Normally, the municipal council will have to prepare a fresh assessment list,
every year. By virtue of s. 124 of the Madras Act, the rules and tables
embodied in Schedule IV have to be read as part of Chapter VI dealing with
Taxation and Finance. Though, ordinarily, the Municipality would have to
prepare a fresh assessment list every year, rule 8 of Schedule IV permits the
Municipal Council to continue the same assessment list for the next four
succeeding years and to revise it once every five years.
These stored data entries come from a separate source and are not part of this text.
(* Let $S\subseteq\mathbb{N}^k$ be a slice and let $\mathbf{u},\mathbf{v}\in S$. If $\mathbf{u}\le\mathbf{v}$ and $M_{\mathbf{u}}=M_{\mathbf{v}}$, then $\mathbf{v}+M_{\mathbf{v}}\subseteq\mathbf{u}+M_{\mathbf{u}}$.
   Context: $\le$ is the componentwise order on $\mathbb{N}^k$; for $X\subseteq\mathbb{N}^k$, $\min X$ is the (finite) set of its minimal elements and $X^*$ the submonoid generated by $X$. A slice is a set $S\subseteq\mathbb{N}^k$ such that whenever $\mathbf{u},\mathbf{u}+\mathbf{v},\mathbf{u}+\mathbf{w}\in S$ for $\mathbf{u},\mathbf{v},\mathbf{w}\in\mathbb{N}^k$, then $\mathbf{u}+\mathbf{v}+\mathbf{w}\in S$. For $\mathbf{u}\in S$ let $S-\mathbf{u}=\{\mathbf{v}\in\mathbb{N}^k\mid\mathbf{u}+\mathbf{v}\in S\}$ and $M_{\mathbf{u}}=(\min((S-\mathbf{u})\setminus\{\mathbf{0}\}))^*$. *)

From mathcomp Require Import all_boot.
Set Implicit Arguments. Unset Strict Implicit. Unset Printing Implicit Defensive.

Definition vec (k : nat) := {ffun 'I_k -> nat}.

Definition vzero k : vec k := [ffun => 0].
Definition vadd k (u v : vec k) : vec k := [ffun i => u i + v i].

Definition vle k (u v : vec k) : Prop := forall i, u i <= v i.

Definition is_slice k (S : vec k -> Prop) : Prop :=
  forall u v w : vec k, S u -> S (vadd u v) -> S (vadd u w) ->
    S (vadd (vadd u v) w).

Definition shift k (S : vec k -> Prop) (u : vec k) : vec k -> Prop :=
  fun v => S (vadd u v).

Definition minset k (X : vec k -> Prop) : vec k -> Prop :=
  fun x => X x /\ forall y, X y -> vle y x -> y = x.

Inductive gen k (X : vec k -> Prop) : vec k -> Prop :=
| gen0 : gen X (vzero k)
| genS a b : X a -> gen X b -> gen X (vadd a b).

Definition Mset k (S : vec k -> Prop) (u : vec k) : vec k -> Prop :=
  gen (minset (fun v => shift S u v /\ v <> vzero k)).

(* Write v = u + w. Since S is a slice, S - u is closed under addition and
   S - u ⊆ S - t ⊆ S - v for every t ∈ S with u ≤ t ≤ v. The minimal nonzero
   elements of S - u are the atoms of M_u, so M_u = M_v forces
   min((S - u) \ {0}) = min((S - v) \ {0}), and then the same set is
   min((S - t) \ {0}) for every intermediate t. Peeling off one such minimal
   element below v - t at a time shows w ∈ M_v = M_u, and
   v + M_v = u + (w + M_u) ⊆ u + M_u. *)
From Stdlib Require Import Classical.
From Pilot Require Import Defs.
From mathcomp Require Import all_boot.

Section Vectors.
Context {k : nat}.
Implicit Types (a b c x : vec k).

Lemma vaddA a b c : vadd (vadd a b) c = vadd a (vadd b c).
Proof. by apply/ffunP => i; rewrite !ffunE addnA. Qed.

Lemma vaddC a b : vadd a b = vadd b a.
Proof. by apply/ffunP => i; rewrite !ffunE addnC. Qed.

Lemma vaddv0 a : vadd a (vzero k) = a.
Proof. by apply/ffunP => i; rewrite !ffunE addn0. Qed.

Lemma vle_refl a : vle a a.
Proof. by move=> i. Qed.

Lemma vle_trans {a b c} : vle a b -> vle b c -> vle a c.
Proof. by move=> ab bc i; apply: leq_trans (ab i) (bc i). Qed.

Lemma vle_anti {a b} : vle a b -> vle b a -> a = b.
Proof. by move=> ab ba; apply/ffunP => i; apply/anti_leq; rewrite ab ba. Qed.

Lemma vle_addr a b : vle a (vadd a b).
Proof. by move=> i; rewrite ffunE leq_addr. Qed.

Lemma vleP {a b} : vle a b -> exists c, b = vadd a c.
Proof.
by move=> ab; exists [ffun i => b i - a i]; apply/ffunP => i; rewrite !ffunE subnKC.
Qed.

Definition vsum x := \sum_i x i.

Lemma vsum_add a b : vsum (vadd a b) = vsum a + vsum b.
Proof. by rewrite /vsum -big_split; apply: eq_bigr => i _; rewrite ffunE. Qed.

Lemma vsum_ltn_add a b : b <> vzero k -> vsum a < vsum (vadd a b).
Proof.
move=> b_neq0; rewrite vsum_add -addn1 leq_add2l lt0n; apply/negP => b0.
apply: b_neq0; apply/ffunP => i; rewrite ffunE.
by move: b0; rewrite /vsum sum_nat_eq0 => /forallP/(_ i)/eqP.
Qed.

End Vectors.

Section MinimalElements.
Context {k : nat}.
Implicit Types (X Y Z : vec k -> Prop) (x y : vec k).

Lemma minset_le {X x} : X x -> exists2 m, Defs.minset X m & vle m x.
Proof.
have [n] := ubnP (vsum x); elim: n x => // n IH x /ltnSE x_le Xx.
case: (classic (exists y, [/\ X y, vle y x & y <> x])) => [[y [Xy yx y_neq]]|].
  have [c xE] := vleP yx.
  have c_neq0 : c <> vzero k by move=> c0; apply: y_neq; rewrite xE c0 vaddv0.
  have [|m Xm my] := IH y _ Xy; first by apply: leq_trans x_le; rewrite xE vsum_ltn_add.
  by exists m => //; apply: vle_trans yx.
move=> no_below; exists x => //; split=> // y Xy yx.
by apply: NNPP => y_neq; apply: no_below; exists y.
Qed.

Lemma minset_sandwich X Y Z :
  (forall x, X x -> Y x) -> (forall x, Y x -> Z x) ->
  (forall x, Defs.minset X x <-> Defs.minset Z x) ->
  forall x, Defs.minset Y x <-> Defs.minset Z x.
Proof.
move=> XY YZ minXZ x; split.
- case=> Yx minY; split=> [|z Zz zx]; first exact: YZ.
  have [m /[dup] /minXZ [Xm _] mZ mz] := minset_le Zz.
  have mx : m = x by apply: minY _ (XY _ Xm) (vle_trans mz zx).
  by apply: vle_anti zx _; rewrite -mx.
- move=> /[dup] /minXZ [Xx _] [_ minZ]; split=> [|y Yy]; first exact: XY.
  exact/minZ/YZ.
Qed.

Definition atoms X := Defs.minset (fun x => X x /\ x <> vzero k).

Lemma atoms_le {X x} : X x -> x <> vzero k -> exists2 a, atoms X a & vle a x.
Proof.
by move=> Xx x_neq0; apply: (@minset_le (fun y => X y /\ y <> vzero k) x (conj Xx x_neq0)).
Qed.

Lemma atoms_sandwich {X Y Z} :
  (forall x, X x -> Y x) -> (forall x, Y x -> Z x) ->
  (forall x, atoms X x <-> atoms Z x) ->
  forall x, atoms Y x <-> atoms Z x.
Proof.
move=> XY YZ; apply: minset_sandwich => x [? ?]; split => //; [exact: XY | exact: YZ].
Qed.

End MinimalElements.

Section Monoids.
Context {k : nat}.
Implicit Types (X Y : vec k -> Prop) (a b x : vec k).

Lemma gen_mem {X a} : X a -> gen X a.
Proof. by move=> Xa; rewrite -[a]vaddv0; apply: genS => //; apply: gen0. Qed.

Lemma gen_add X a b : gen X a -> gen X b -> gen X (vadd a b).
Proof.
elim=> [|c d Xc _ IH] Gb; first by rewrite vaddC vaddv0.
by rewrite vaddA; apply: genS => //; apply: IH.
Qed.

Lemma gen_closed X Y :
  Y (vzero k) -> (forall a b, Y a -> Y b -> Y (vadd a b)) ->
  (forall a, X a -> Y a) -> forall a, gen X a -> Y a.
Proof. by move=> Y0 YD XY a; elim=> // c d /XY Yc _; apply: YD. Qed.

Lemma atoms_gen {X Y a} :
  (forall b, Y b -> X b /\ b <> vzero k) -> atoms X a -> gen Y a -> Y a.
Proof.
move=> YX [[_ a_neq0] minX] Ga; case: Ga a_neq0 minX => [[] //|b c Yb _ _ minX].
by rewrite -(minX b (YX _ Yb) (vle_addr b c)).
Qed.

Lemma atoms_eq_of_gen {X Z} :
  (forall x, X x -> Z x) -> (forall x, gen (atoms X) x -> X x) ->
  (forall x, gen (atoms X) x <-> gen (atoms Z) x) ->
  forall x, atoms X x <-> atoms Z x.
Proof.
move=> XZ genX genXZ x; split=> Ax.
- have atomsZ_X b : atoms Z b -> X b /\ b <> vzero k.
    by move=> Zb; split; [exact/genX/genXZ/gen_mem | case: Zb => [[]]].
  exact: atoms_gen atomsZ_X Ax (iffLR (genXZ x) (gen_mem Ax)).
- have atomsX_Z b : atoms X b -> Z b /\ b <> vzero k.
    by move=> [[Xb b_neq0] _]; split=> //; apply: XZ.
  exact: atoms_gen atomsX_Z Ax (iffRL (genXZ x) (gen_mem Ax)).
Qed.

End Monoids.

Section Slices.
Context {k : nat} {S : vec k -> Prop}.
Hypothesis sliceS : is_slice S.
Implicit Types (a b t u v : vec k).

Lemma shift_add u a b : S u -> shift S u a -> shift S u b -> shift S u (vadd a b).
Proof. by move=> Su Sa Sb; rewrite /shift -vaddA; apply: sliceS. Qed.

Lemma Mset_shift u a : S u -> Mset S u a -> shift S u a.
Proof.
move=> Su; apply: gen_closed => [|b c|b [[] //]]; last exact: shift_add.
by rewrite /shift vaddv0.
Qed.

Lemma shift_le u v a : S u -> S v -> vle u v -> shift S u a -> shift S v a.
Proof.
move=> Su Sv /vleP [w vE] Sa; rewrite /shift vE vaddA.
by apply: shift_add; rewrite // /shift -vE.
Qed.

Section EqualMonoids.
Context {u v : vec k}.
Hypotheses (Su : S u) (Sv : S v) (uv : vle u v).
Hypothesis MuMv : forall x, Mset S u x <-> Mset S v x.

Lemma atoms_shift_eq x : atoms (shift S u) x <-> atoms (shift S v) x.
Proof.
apply: (atoms_eq_of_gen _ _ MuMv) => y; [exact: shift_le Su Sv uv | exact: Mset_shift Su].
Qed.

Lemma atoms_shift_between t x : S t -> vle u t -> vle t v ->
  atoms (shift S t) x <-> atoms (shift S v) x.
Proof.
move=> St ut tv; apply: (atoms_sandwich _ _ atoms_shift_eq) => y;
  [exact: shift_le Su St ut | exact: shift_le St Sv tv].
Qed.

Lemma Mset_gap w t : S t -> vle u t -> v = vadd t w -> Mset S v w.
Proof.
have [n] := ubnP (vsum w); elim: n w t => // n IH w t /ltnSE w_le St ut vE.
have [-> | w_neq0] := classic (w = vzero k); first exact: gen0.
have Sw : shift S t w by rewrite /shift -vE.
have [a /[dup] Aa [[Sa a_neq0] _] aw] := atoms_le Sw w_neq0.
have [w' wE] := vleP aw.
have tv : vle t v by rewrite vE; apply: vle_addr.
have {}Aa := iffLR (atoms_shift_between t a St ut tv) Aa.
rewrite wE; apply: genS Aa (IH w' (vadd t a) _ Sa _ _).
- by apply: leq_trans w_le; rewrite wE vaddC vsum_ltn_add.
- exact: vle_trans ut (vle_addr t a).
- by rewrite vaddA -wE.
Qed.

End EqualMonoids.
End Slices.

Theorem lemma5 (k : nat) (S : vec k -> Prop) (u v : vec k) :
  is_slice S -> S u -> S v -> vle u v ->
  (forall x, Mset S u x <-> Mset S v x) ->
  forall x, Mset S v x -> exists y, Mset S u y /\ vadd v x = vadd u y.
Proof.
move=> sliceS Su Sv uv MuMv x Mx.
have [w vE] := vleP uv.
have Mw : Mset S v w := Mset_gap sliceS Su Sv uv MuMv w u Su (vle_refl u) vE.
exists (vadd w x); split; first exact/MuMv/gen_add.
by rewrite vE vaddA.
Qed.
But, in order to
enable the Municipal Council to levy and collect a tax, it has to pass a
resolution determining to levy a tax, the rate at which such tax has to be
levied as also the date from which it shall be levied.
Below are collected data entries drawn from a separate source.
Lemma aff_fixes_face a11 a12 a21 a22 ct s t u v (k : nat) w (d1 d2 : int) :
  affine_ok (a11, a12, a21, a22) ct ->
  wappN w (affN (a11, a12, a21, a22) ct 0 0 (0, 0, k)) = (d1, d2, k) ->
  (k < 120)%N -> all (fun i => i < 2)%N w ->
  a11 * u + a12 * v + s + d1 = u -> a21 * u + a22 * v + t + d2 = v ->
  same_face K (aff (a11, a12, a21, a22) ct s t (u, v, inord k)) (u, v, inord k).
Proof.
move=> hA hW hk hw e1 e2.
have E : (u, v, inord k) = wapp w (aff (a11, a12, a21, a22) ct s t (u, v, inord k)).
  apply: piK_inj; rewrite piK_wapp piK_aff // [piK _]/= inordK // (trN_local u v k).
  rewrite affN_shift affN_tr !wappN_tr hW /=; congr (_, _, _); lia.
by rewrite {2}E; apply: face_word.
Qed.

Lemma turn_affine_ok p : p \in turns -> affine_ok p.1 (rot_table p.1 p.2).
Proof. by move=> /(allP turns_ok) /andP []. Qed.

Ltac face_by p fw sh1 sh2 :=
  apply: (aff_fixes_face (w := fw) (d1 := sh1) (d2 := sh2) (@turn_affine_ok p isT));
  [by vm_compute | by [] | by [] | lia | lia].

Lemma turn60_fixes_face s t : exists x, same_face K (rotation turn60 s t x) x.
Proof. by exists (- t - 1, s + t, inord 2); face_by turn60 [:: 0; 1; 0; 1]%N (-1)%Z 1%Z. Qed.

Lemma turn120_fixes_face s t : exists x, same_face K (rotation turn120 s t x) x.
Proof.
have [h|[h|h]] : ((s + 2 * t) %% 3 = 0 \/ (s + 2 * t) %% 3 = 1 \/ (s + 2 * t) %% 3 = 2)%Z by lia.
- exists (((s - t) %/ 3)%Z, ((s + 2 * t) %/ 3)%Z, inord 10).
  face_by turn120 [:: 0; 1]%N 0%Z 0%Z.
- exists (((s - 1 - t) %/ 3)%Z, ((s - 1 + 2 * t) %/ 3)%Z + 1, inord 28).
  face_by turn120 [:: 0; 1]%N 0%Z 1%Z.
- exists (((s - 2 - t) %/ 3)%Z, ((s - 2 + 2 * t) %/ 3)%Z + 1, inord 2).
  face_by turn120 [:: 0; 1; 0; 1; 0; 1; 0; 1]%N (-1)%Z 1%Z.
Qed.

Lemma turn180_fixes_face s t : exists x, same_face K (rotation turn180 s t x) x.
Proof.
have [hs|hs] : (s %% 2 = 0 \/ s %% 2 = 1)%Z by lia.
all: have [ht|ht] : (t %% 2 = 0 \/ t %% 2 = 1)%Z by lia.
- exists ((s %/ 2)%Z, (t %/ 2)%Z, inord 0).
  face_by turn180 [:: 0; 1; 0; 1; 0; 1]%N 0%Z 0%Z.
- exists ((s %/ 2)%Z, ((t - 1) %/ 2)%Z, inord 80).
  face_by turn180 [:: 0; 1; 0; 1; 0; 1]%N 0%Z (-1)%Z.
- exists (((s - 1) %/ 2)%Z, (t %/ 2)%Z, inord 2).
  face_by turn180 [:: 0; 1; 0; 1; 0; 1; 0; 1; 0; 1; 0; 1]%N (-1)%Z 0%Z.
- exists (((s - 1) %/ 2)%Z + 1, ((t - 1) %/ 2)%Z, inord 40).
  face_by turn180 [:: 0; 1; 0; 1; 0; 1]%N 1%Z (-1)%Z.
Qed.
That the tax is an annual tax is also borne
out by sub-s. (2) of s. 82. If the contention of the learned Solicitor that the
assessment list, once prepared, has to be adopted for five years, is accepted,
it will result in the annual value on a particular building or house being
static for five years, during which a municipal council can go on adopting the
assessment list prepared in an earlier year and the owner or occupier of the
building being deprived of the.
right to object to the valuation regarding
the annual value or the tax assessed thereon. This will be the result even
though the annual value may have decreased for one reason or the other. It
follows that the contention that the preparation of the assessment books
amounts to imposing of a tax so as to justify the issue of the demand notice,
cannot be accepted.
Having due regard to the second and third
provisos to s. 382(1) and the other material provisions of the Mysore Act, the
position is that a property tax must have been imposed by the Madras Act and
even though the rates of such tax were higher than under the Mysore Act, the
said higher tax could be collected. But no such tax having been imposed under
the Madras Act, the 759 second and third provisos to s. 382(1) do not apply and
hence the demands for payment of property tax for the period are not justified.
Though we are not in agreement with some of
the reasons given by the High Court for issuing the writ, the conclusion
arrived at by the High Court that the second and third provisos to s. 382(1) of
the Mysore Act do not justify the issue of the demand notices for the period in
question, is correct.
The result is that the appeals fail and are
dismissed with costs. There will be only one hearing fee.